## Aim of the exercise
Each record that follows is to be reproduced verbatim.

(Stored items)
(* Let $\Gamma=(V,E)$ be a locally finite reflexive relation. If $F_1$ and $F_2$ are weak fragments of $\Gamma$ with $F_1\cap F_2\neq\emptyset$, then $F_1\cup F_2$ and $F_1\cap F_2$ are weak fragments. In particular, two distinct weak atoms are disjoint. Assume furthermore that $\Gamma$ is point-transitive. Then the weak atoms of $\Gamma$ form a partition of $V$, and for any weak atom $A$ the subrelation $\Gamma[A]$ induced on $A$ is point-transitive.
   Context: A relation is a pair $\Gamma=(V,E)$ with $E\subset V\times V$; for $X\subset V$, $\Gamma(X)=\{y: (x,y)\in E \text{ for some } x\in X\}$, $\Gamma^-(X)=\{y:(y,x)\in E\text{ for some }x\in X\}$, $\Gamma(x)=\Gamma(\{x\})$. $\Gamma$ is reflexive if $(x,x)\in E$ for all $x$, and locally finite if $\Gamma(x)$ and $\Gamma^-(x)$ are finite for all $x\in V$. Write $\partial(X)=\Gamma(X)\setminus X$. An automorphism is a bijection $f:V\to V$ with $\Gamma(f(x))=f(\Gamma(x))$ for all $x$; $\Gamma$ is point-transitive if for all $x,y\in V$ there is an automorphism $f$ with $f(x)=y$. The induced subrelation on $X$ is $\Gamma[X]=(X,(X\times X)\cap E)$. The weak connectivity is $\kappa(\Gamma)=\min\{|\partial(X)| : 1\le |X|<\infty\}$; a weak fragment is a set $X$ with $1\le|X|<\infty$ and $|\partial(X)|=\kappa(\Gamma)$; a weak atom is a weak fragment of minimum cardinality. *)

From Stdlib Require Import List.
Import ListNotations.

Section Defs.
Context {V : Type}.

Definition has_card (X : V -> Prop) (n : nat) : Prop :=
  exists l : list V, NoDup l /\ length l = n /\ forall x, X x <-> In x l.

Definition finite_set (X : V -> Prop) : Prop := exists n, has_card X n.

Definition nonempty (X : V -> Prop) : Prop := exists x, X x.

Definition same_set (X Y : V -> Prop) : Prop := forall x, X x <-> Y x.

Definition disjoint (X Y : V -> Prop) : Prop := forall x, ~ (X x /\ Y x).

Definition setU (X Y : V -> Prop) : V -> Prop := fun x => X x \/ Y x.
Definition setI (X Y : V -> Prop) : V -> Prop := fun x => X x /\ Y x.

Variable E : V -> V -> Prop.

Definition image (X : V -> Prop) : V -> Prop := fun y => exists x, X x /\ E x y.

Definition boundary (X : V -> Prop) : V -> Prop := fun y => image X y /\ ~ X y.

Definition reflexive_rel : Prop := forall x, E x x.

Definition locally_finite : Prop :=
  forall x, finite_set (fun y => E x y) /\ finite_set (fun y => E y x).

Definition weak_fragment (X : V -> Prop) : Prop :=
  nonempty X /\ finite_set X /\
  exists k, has_card (boundary X) k /\
    forall Y m, nonempty Y -> finite_set Y -> has_card (boundary Y) m -> k <= m.

Definition weak_atom (A : V -> Prop) : Prop :=
  weak_fragment A /\
  exists a, has_card A a /\
    forall F f, weak_fragment F -> has_card F f -> a <= f.

End Defs.

(* automorphism: bijection f with Γ(f x) = f(Γ(x)) for all x *)
Definition automorphism {W : Type} (E : W -> W -> Prop) (f : W -> W) : Prop :=
  (exists g : W -> W, (forall x, g (f x) = x) /\ (forall y, f (g y) = y)) /\
  forall x y, E (f x) y <-> exists z, E x z /\ y = f z.

Definition point_transitive {W : Type} (E : W -> W -> Prop) : Prop :=
  forall x y : W, exists f, automorphism E f /\ f x = y.

Definition induced {V : Type} (E : V -> V -> Prop) (A : V -> Prop)
  : {x | A x} -> {x | A x} -> Prop :=
  fun a b => E (proj1_sig a) (proj1_sig b).
(* Every quantifier-free formula in the first-order language of graphs has finite VC-dimension on the class $\mathcal J$ of all Johnson graphs; that is, for every quantifier-free formula $\varphi(\bar x;\bar y)$ with its free variables partitioned into tuples $\bar x,\bar y$, there is $N\in\mathbb N$ such that for every $G\in\mathcal J$ the set system $\big(V(G)^{|\bar x|},\{\{\bar a\mid G\models\varphi(\bar a,\bar b)\}\mid \bar b\in V(G)^{|\bar y|}\}\big)$ has VC-dimension at most $N$.
   Context: The first-order language of graphs has atomic formulas $Exy$ (adjacency) and $x=y$, closed under $\neg,\wedge,\vee$ and quantification over vertices; a formula is quantifier-free if it contains no quantifiers. For $m\ge k$ and a set $X$ with $|X|=m$, the Johnson graph $J(m,k)$ has as vertices the $k$-element subsets of $X$, two vertices adjacent iff their intersection has size $k-1$; $\mathcal J=\{J(m,k)\mid k,m\in\mathbb N, k\le m\}$. A set $A\subseteq U$ is shattered by a family $\mathcal S$ of subsets of $U$ if $\{A\cap S\mid S\in\mathcal S\}$ is the power set of $A$; the VC-dimension of $(U,\mathcal S)$ is the supremum of sizes of shattered subsets. *)

From mathcomp Require Import ssreflect ssrfun ssrbool eqtype ssrnat seq choice fintype finfun finset.
Set Implicit Arguments. Unset Strict Implicit. Unset Printing Implicit Defensive.

(* First-order formulas of the language of graphs, with free variables
   indexed by 'I_n (n = number of free variables in scope).  The
   quantifiers bind a new variable, which gets index n in the body. *)
Inductive formula : nat -> Type :=
| FEdge n : 'I_n -> 'I_n -> formula n
| FEq   n : 'I_n -> 'I_n -> formula n
| FNeg  n : formula n -> formula n
| FAnd  n : formula n -> formula n -> formula n
| FOr   n : formula n -> formula n -> formula n
| FEx   n : formula n.+1 -> formula n
| FAll  n : formula n.+1 -> formula n.

Fixpoint quantifier_free n (f : formula n) : bool :=
  match f with
  | FEdge _ _ _ | FEq _ _ _ => true
  | FNeg _ g => quantifier_free g
  | FAnd _ g h | FOr _ g h => quantifier_free g && quantifier_free h
  | FEx _ _ | FAll _ _ => false
  end.

Definition ext_env (V : Type) n (env : 'I_n -> V) (v : V) : 'I_n.+1 -> V :=
  fun i => match unlift ord_max i with Some j => env j | None => v end.

Fixpoint sat (V : finType) (E : rel V) n (f : formula n) : ('I_n -> V) -> bool :=
  match f in formula n return ('I_n -> V) -> bool with
  | FEdge _ i j => fun env => E (env i) (env j)
  | FEq _ i j => fun env => env i == env j
  | FNeg _ g => fun env => ~~ sat E g env
  | FAnd _ g h => fun env => sat E g env && sat E h env
  | FOr _ g h => fun env => sat E g env || sat E h env
  | FEx _ g => fun env => [exists v, sat E g (ext_env env v)]
  | FAll _ g => fun env => [forall v, sat E g (ext_env env v)]
  end.

(* joint assignment: x-variables are 0..p-1, y-variables are p..p+q-1 *)
Definition join_env (V : Type) p q (a : 'I_p -> V) (b : 'I_q -> V) : 'I_(p + q) -> V :=
  fun i => match split i with inl j => a j | inr j => b j end.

## Task solution
(* Let $\Gamma=(V,E)$ be a locally finite reflexive relation. If $F_1$ and $F_2$ are weak fragments of $\Gamma$ with $F_1\cap F_2\neq\emptyset$, then $F_1\cup F_2$ and $F_1\cap F_2$ are weak fragments. In particular, two distinct weak atoms are disjoint. Assume furthermore that $\Gamma$ is point-transitive. Then the weak atoms of $\Gamma$ form a partition of $V$, and for any weak atom $A$ the subrelation $\Gamma[A]$ induced on $A$ is point-transitive.
   Context: A relation is a pair $\Gamma=(V,E)$ with $E\subset V\times V$; for $X\subset V$, $\Gamma(X)=\{y: (x,y)\in E \text{ for some } x\in X\}$, $\Gamma^-(X)=\{y:(y,x)\in E\text{ for some }x\in X\}$, $\Gamma(x)=\Gamma(\{x\})$. $\Gamma$ is reflexive if $(x,x)\in E$ for all $x$, and locally finite if $\Gamma(x)$ and $\Gamma^-(x)$ are finite for all $x\in V$. Write $\partial(X)=\Gamma(X)\setminus X$. An automorphism is a bijection $f:V\to V$ with $\Gamma(f(x))=f(\Gamma(x))$ for all $x$; $\Gamma$ is point-transitive if for all $x,y\in V$ there is an automorphism $f$ with $f(x)=y$. The induced subrelation on $X$ is $\Gamma[X]=(X,(X\times X)\cap E)$. The weak connectivity is $\kappa(\Gamma)=\min\{|\partial(X)| : 1\le |X|<\infty\}$; a weak fragment is a set $X$ with $1\le|X|<\infty$ and $|\partial(X)|=\kappa(\Gamma)$; a weak atom is a weak fragment of minimum cardinality. *)

From Stdlib Require Import List.
Import ListNotations.

Section Defs.
Context {V : Type}.

Definition has_card (X : V -> Prop) (n : nat) : Prop :=
  exists l : list V, NoDup l /\ length l = n /\ forall x, X x <-> In x l.

Definition finite_set (X : V -> Prop) : Prop := exists n, has_card X n.

Definition nonempty (X : V -> Prop) : Prop := exists x, X x.

Definition same_set (X Y : V -> Prop) : Prop := forall x, X x <-> Y x.

Definition disjoint (X Y : V -> Prop) : Prop := forall x, ~ (X x /\ Y x).

Definition setU (X Y : V -> Prop) : V -> Prop := fun x => X x \/ Y x.
Definition setI (X Y : V -> Prop) : V -> Prop := fun x => X x /\ Y x.

Variable E : V -> V -> Prop.

Definition image (X : V -> Prop) : V -> Prop := fun y => exists x, X x /\ E x y.

Definition boundary (X : V -> Prop) : V -> Prop := fun y => image X y /\ ~ X y.

Definition reflexive_rel : Prop := forall x, E x x.

Definition locally_finite : Prop :=
  forall x, finite_set (fun y => E x y) /\ finite_set (fun y => E y x).

Definition weak_fragment (X : V -> Prop) : Prop :=
  nonempty X /\ finite_set X /\
  exists k, has_card (boundary X) k /\
    forall Y m, nonempty Y -> finite_set Y -> has_card (boundary Y) m -> k <= m.

Definition weak_atom (A : V -> Prop) : Prop :=
  weak_fragment A /\
  exists a, has_card A a /\
    forall F f, weak_fragment F -> has_card F f -> a <= f.

End Defs.

(* automorphism: bijection f with Γ(f x) = f(Γ(x)) for all x *)
Definition automorphism {W : Type} (E : W -> W -> Prop) (f : W -> W) : Prop :=
  (exists g : W -> W, (forall x, g (f x) = x) /\ (forall y, f (g y) = y)) /\
  forall x y, E (f x) y <-> exists z, E x z /\ y = f z.

Definition point_transitive {W : Type} (E : W -> W -> Prop) : Prop :=
  forall x y : W, exists f, automorphism E f /\ f x = y.

Definition induced {V : Type} (E : V -> V -> Prop) (A : V -> Prop)
  : {x | A x} -> {x | A x} -> Prop :=
  fun a b => E (proj1_sig a) (proj1_sig b).
(* Every quantifier-free formula in the first-order language of graphs has finite VC-dimension on the class $\mathcal J$ of all Johnson graphs; that is, for every quantifier-free formula $\varphi(\bar x;\bar y)$ with its free variables partitioned into tuples $\bar x,\bar y$, there is $N\in\mathbb N$ such that for every $G\in\mathcal J$ the set system $\big(V(G)^{|\bar x|},\{\{\bar a\mid G\models\varphi(\bar a,\bar b)\}\mid \bar b\in V(G)^{|\bar y|}\}\big)$ has VC-dimension at most $N$.
   Context: The first-order language of graphs has atomic formulas $Exy$ (adjacency) and $x=y$, closed under $\neg,\wedge,\vee$ and quantification over vertices; a formula is quantifier-free if it contains no quantifiers. For $m\ge k$ and a set $X$ with $|X|=m$, the Johnson graph $J(m,k)$ has as vertices the $k$-element subsets of $X$, two vertices adjacent iff their intersection has size $k-1$; $\mathcal J=\{J(m,k)\mid k,m\in\mathbb N, k\le m\}$. A set $A\subseteq U$ is shattered by a family $\mathcal S$ of subsets of $U$ if $\{A\cap S\mid S\in\mathcal S\}$ is the power set of $A$; the VC-dimension of $(U,\mathcal S)$ is the supremum of sizes of shattered subsets. *)

From mathcomp Require Import ssreflect ssrfun ssrbool eqtype ssrnat seq choice fintype finfun finset.
Set Implicit Arguments. Unset Strict Implicit. Unset Printing Implicit Defensive.

(* First-order formulas of the language of graphs, with free variables
   indexed by 'I_n (n = number of free variables in scope).  The
   quantifiers bind a new variable, which gets index n in the body. *)
Inductive formula : nat -> Type :=
| FEdge n : 'I_n -> 'I_n -> formula n
| FEq   n : 'I_n -> 'I_n -> formula n
| FNeg  n : formula n -> formula n
| FAnd  n : formula n -> formula n -> formula n
| FOr   n : formula n -> formula n -> formula n
| FEx   n : formula n.+1 -> formula n
| FAll  n : formula n.+1 -> formula n.

Fixpoint quantifier_free n (f : formula n) : bool :=
  match f with
  | FEdge _ _ _ | FEq _ _ _ => true
  | FNeg _ g => quantifier_free g
  | FAnd _ g h | FOr _ g h => quantifier_free g && quantifier_free h
  | FEx _ _ | FAll _ _ => false
  end.

Definition ext_env (V : Type) n (env : 'I_n -> V) (v : V) : 'I_n.+1 -> V :=
  fun i => match unlift ord_max i with Some j => env j | None => v end.

Fixpoint sat (V : finType) (E : rel V) n (f : formula n) : ('I_n -> V) -> bool :=
  match f in formula n return ('I_n -> V) -> bool with
  | FEdge _ i j => fun env => E (env i) (env j)
  | FEq _ i j => fun env => env i == env j
  | FNeg _ g => fun env => ~~ sat E g env
  | FAnd _ g h => fun env => sat E g env && sat E h env
  | FOr _ g h => fun env => sat E g env || sat E h env
  | FEx _ g => fun env => [exists v, sat E g (ext_env env v)]
  | FAll _ g => fun env => [forall v, sat E g (ext_env env v)]
  end.

(* joint assignment: x-variables are 0..p-1, y-variables are p..p+q-1 *)
Definition join_env (V : Type) p q (a : 'I_p -> V) (b : 'I_q -> V) : 'I_(p + q) -> V :=
  fun i => match split i with inl j => a j | inr j => b j end.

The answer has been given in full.